Opium was first recorded in Singapore by a written document that recorded Stamford Raffles gifting opium to a local ruler in 1819 to establish Singapore. Opium then became accessible through trading in the 19th century. It was one of the most traded goods along the Sea Trade route after the end of the Opium Wars. With the rise of opium farms in Singapore, they acted as the middleman that helped to process raw opium imported from British India, Persia, and Turkey to consumable opium and retail them to the Chinese coolies in local. In 1946, opium, including the tools (opium pipes and opium lamps), and opium dens were completely banned in Singapore. To treat the opium addicts, an Opium Treatment Centre was opened in 1955 and in 1989, and the Singapore government extended the death penalty for opium traffickers.

== Early history ==
Historical accounts suggest that the first appearance of opium (Papaver somniferum) in Singapore was in a written document that stated Stamford Raffles offered the ruler Temenggong Abdul Rahman opium as a gift after signing a treaty with him to establish Singapore in 1819. Prior to this, opium was legalised and commonly used in Europe, Middle East, US, and China for centuries as a form of medicine; while opium smoking was seen as a common practice.
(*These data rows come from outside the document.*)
Lemma xt_want_XB (s : seq (pref d)) : size s = k -> X_B d%:R (xt (map want s)).
Proof.
move=> s_k; apply: xt_valid; first by rewrite size_map.
by move=> f /List.in_map_iff [t [<- _]]; case: (want_monotone_L d2_le_m t).
Qed.

Lemma panel_alloc_XB u : X_B d%:R (panel_alloc u).
Proof. by apply: xt_want_XB; rewrite size_codom card_ord. Qed.

Lemma social_cost_sub_opt th (w : {ffun 'I_n -> pref d}) (x : alloc m) :
  social_cost (want \o w) x - social_cost (want \o w) (opt_alloc d2_le_m th) =
  (\sum_i regret th (w i) x) / n%:R.
Proof.
rewrite /social_cost -mulrBl -sumrB; congr (_ / _).
by apply: eq_bigr => i _; rewrite /regret /want /=; ring.
Qed.

Lemma instance_regret_le th (w : {ffun 'I_n -> pref d}) :
  \sum_(S : {set 'I_n} | #|S| == k) \sum_i regret th (w i) (panel_outcome (want \o w) xt S)
    <= n%:R * eps * 'C(n, k)%:R.
Proof.
have C_gt0 : 0 < 'C(n, k)%:R :> R by rewrite ltr0n bin_gt0.
have n_gt0R : 0 < n%:R :> R by rewrite ltr0n.
set Cost := want \o w; set opt := opt_alloc d2_le_m th.
have opt_le : social_opt d%:R Cost <= social_cost Cost opt.
  apply: ge_inf; last by exists opt => //; apply: opt_alloc_XB.
  exists 0 => _ [x [x_cube _] <-]; rewrite /social_cost divr_ge0 // sumr_ge0 // => i _.
  by case/andP: (x_cube (proj d2_le_m (w i))); rewrite /Cost /= /want subr_ge0.
have gap : expected_panel_cost k Cost xt - social_cost Cost opt <= eps.
  by have := xt_guarantee k_le_n (fun i => want_monotone_L d2_le_m (w i)); lra.
rewrite expected_panel_cost_sub // (eq_bigr _ (fun S _ => social_cost_sub_opt th w _)) in gap.
rewrite -mulr_suml -mulrA -invfM in gap.
by rewrite mulrAC [_ * eps]mulrC -ler_pdivrMr ?mulr_gt0.
Qed.

Lemma outside_panel_regret th (S : {set 'I_n}) i : #|S| = k -> i \notin S ->
  \sum_(w : {ffun 'I_n -> pref d}) (\prod_a D th (w a)) *
     regret th (w i) (panel_outcome (want \o w) xt S) =
  panel_regret d2_le_m dl panel_alloc th.
Proof.
move=> S_k i_nS; set e := enum S.
have e_size : size e = k by rewrite -cardE.
have i_ne : i \notin e by rewrite mem_enum.
have f_inj : injective (fun p : 'I_k => nth i e p).
  by move=> p q /eqP; rewrite nth_uniq ?e_size ?enum_uniq // => /eqP /val_inj.
have i_ncodom : i \notin codom (fun p : 'I_k => nth i e p).
  by apply/codomP => -[p i_p]; case/negP: i_ne; rewrite i_p mem_nth ?e_size.
have := sum_prod_marginal (pref_prob_sum1 dl d_gt0 th) f_inj i_ncodom
  (fun v t => regret th t (panel_alloc v)).
rewrite /panel_regret /panel_prob /exp_regret /panel_alloc => <-.
apply: eq_bigr => w _.
by rewrite (codom_ffun_nth _ w e_size) -map_comp.
Qed.

Lemma panel_regret_sum_ge th (S : {set 'I_n}) : #|S| = k ->
  (n - k)%:R * panel_regret d2_le_m dl panel_alloc th - k%:R <=
  \sum_i \sum_(w : {ffun 'I_n -> pref d})
    (\prod_a D th (w a)) * regret th (w i) (panel_outcome (want \o w) xt S).
Proof.
move=> S_k; set V := panel_regret _ _ _ th.
have -> : (n - k)%:R * V - k%:R = \sum_i (if i \in S then -1 else V).
  by rewrite sum_if_mem S_k natrB //; ring.
apply: ler_sum => i _; case: ifP => [i_S | /negbT i_nS]; last first.
  by rewrite outside_panel_regret.
rewrite -[-1]mul1r -{1}(sum_prod_measure1 (pref_prob_sum1 dl d_gt0 th) 'I_n) mulr_suml.
apply: ler_sum => w _; apply: ler_wpM2l.
  by apply: prodr_ge0 => a _; apply/ltW/pref_prob_gt0.
have [x_cube _] : X_B d%:R (panel_outcome (want \o w) xt S).
  by rewrite /panel_outcome (map_comp want w); apply: xt_want_XB; rewrite size_map -cardE.
exact: regret_ge.
Qed.

Lemma panel_regret_le th :
  (n - k)%:R * panel_regret d2_le_m dl panel_alloc th - k%:R <= n%:R * eps.
Proof.
pose W (w : {ffun 'I_n -> pref d}) := \prod_a D th (w a).
have C_gt0 : 0 < 'C(n, k)%:R :> R by rewrite ltr0n bin_gt0.
have : \sum_w W w * \sum_(S : {set 'I_n} | #|S| == k)
    \sum_i regret th (w i) (panel_outcome (want \o w) xt S) <= n%:R * eps * 'C(n, k)%:R.
  apply: le_trans (_ : _ <= \sum_w W w * (n%:R * eps * 'C(n, k)%:R)) _.
    apply: ler_sum => w _; rewrite ler_wpM2l ?instance_regret_le //.
    by apply: prodr_ge0 => a _; apply/ltW/pref_prob_gt0.
  by rewrite -mulr_suml sum_prod_measure1 ?mul1r // pref_prob_sum1.
under eq_bigr do rewrite mulr_sumr; rewrite exchange_big /=.
under eq_bigr do (under eq_bigr do rewrite mulr_sumr; rewrite exchange_big /=).
move/(le_trans (ler_sum _ (fun S S_k => panel_regret_sum_ge th (eqP S_k)))).
by rewrite sumr_const card_panels -[_ *+ 'C(n, k)]mulr_natr ler_pM2r.
Qed.

End PanelAveraging.

Lemma exists_population (c eps : R) (k : nat) : 0 <= c -> 0 < eps -> (0 < k)%N ->
  exists n, (k <= n)%N /\ c * k%:R < n%:R * eps.
Proof.
move=> c_ge0 eps_gt0 k_gt0; pose N := Num.Def.archi_bound (c / eps).
have N_eps : c < N%:R * eps.
  by rewrite -ltr_pdivrMr //; apply/archi_boundP/divr_ge0/ltW.
have N_gt0 : (0 < N)%N.
  by rewrite lt0n; apply/eqP => N0; move: N_eps; rewrite N0 mul0r; lra.
exists (k * N)%N; split; first by rewrite leq_pmulr.
by rewrite natrM -mulrA mulrC ltr_pM2l // ltr0n.
Qed.

Lemma panel_size_gt (m d k : nat) (eps : R) (xt : seq (cost m) -> alloc m) :
  (d + d <= m)%N -> (0 < d)%N -> 0 < eps -> eps <= 1/8 -> (1 <= k)%N ->
  panel_function_valid k d%:R xt -> panel_guarantee k d%:R eps xt ->
  d%:R < 1024 * k%:R * eps ^+ 2.
Proof.
move=> d2_le_m d_gt0 eps_gt0 eps_le k_gt0 xt_valid xt_guarantee.
rewrite ltNge; apply/negP => k_small.
have dl_gt0 : 0 < 2 * eps by lra.
have dl_le : 2 * eps <= 1/4 by lra.
have k_small_dl : k%:R * (2 * eps) ^+ 2 * 256 <= d%:R.
  by rewrite (_ : _ * 256 = 1024 * k%:R * eps ^+ 2) //; ring.
have [th V_large] := panel_regret_large d2_le_m d_gt0 dl_gt0 dl_le
  (panel_alloc_XB d2_le_m xt_valid) k_small_dl.
have [n [k_le_n n_eps]] := exists_population (ler0n R 4) eps_gt0 k_gt0.
have := panel_regret_le d2_le_m d_gt0 dl_gt0 dl_le k_le_n (leq_trans k_gt0 k_le_n)
  xt_valid xt_guarantee th.
have := ler_wpM2l (ler0n R (n - k)) V_large.
rewrite natrB //; set V := panel_regret _ _ _ th.
have : k%:R * eps <= k%:R * (1 / 8) by rewrite ler_wpM2l.
have := ler0n R k; lra.
Qed.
== 1819-1942: Colonial rule ==

Opium prohibition in China started in 1729 but there was still the use of opium due to smuggling of opium from the British as they had an increasing urge to trade opium with China for the demands of Chinese teas. To put a complete stop on opium use, destruction of opium was enacted under the command of the Daoguang Emperor. This led to the outbreak of opium wars. When the wars ended, the British signed treaties with China, promising the trade of opium. After this, opium trading was common in the Sea trade route from Britain to China.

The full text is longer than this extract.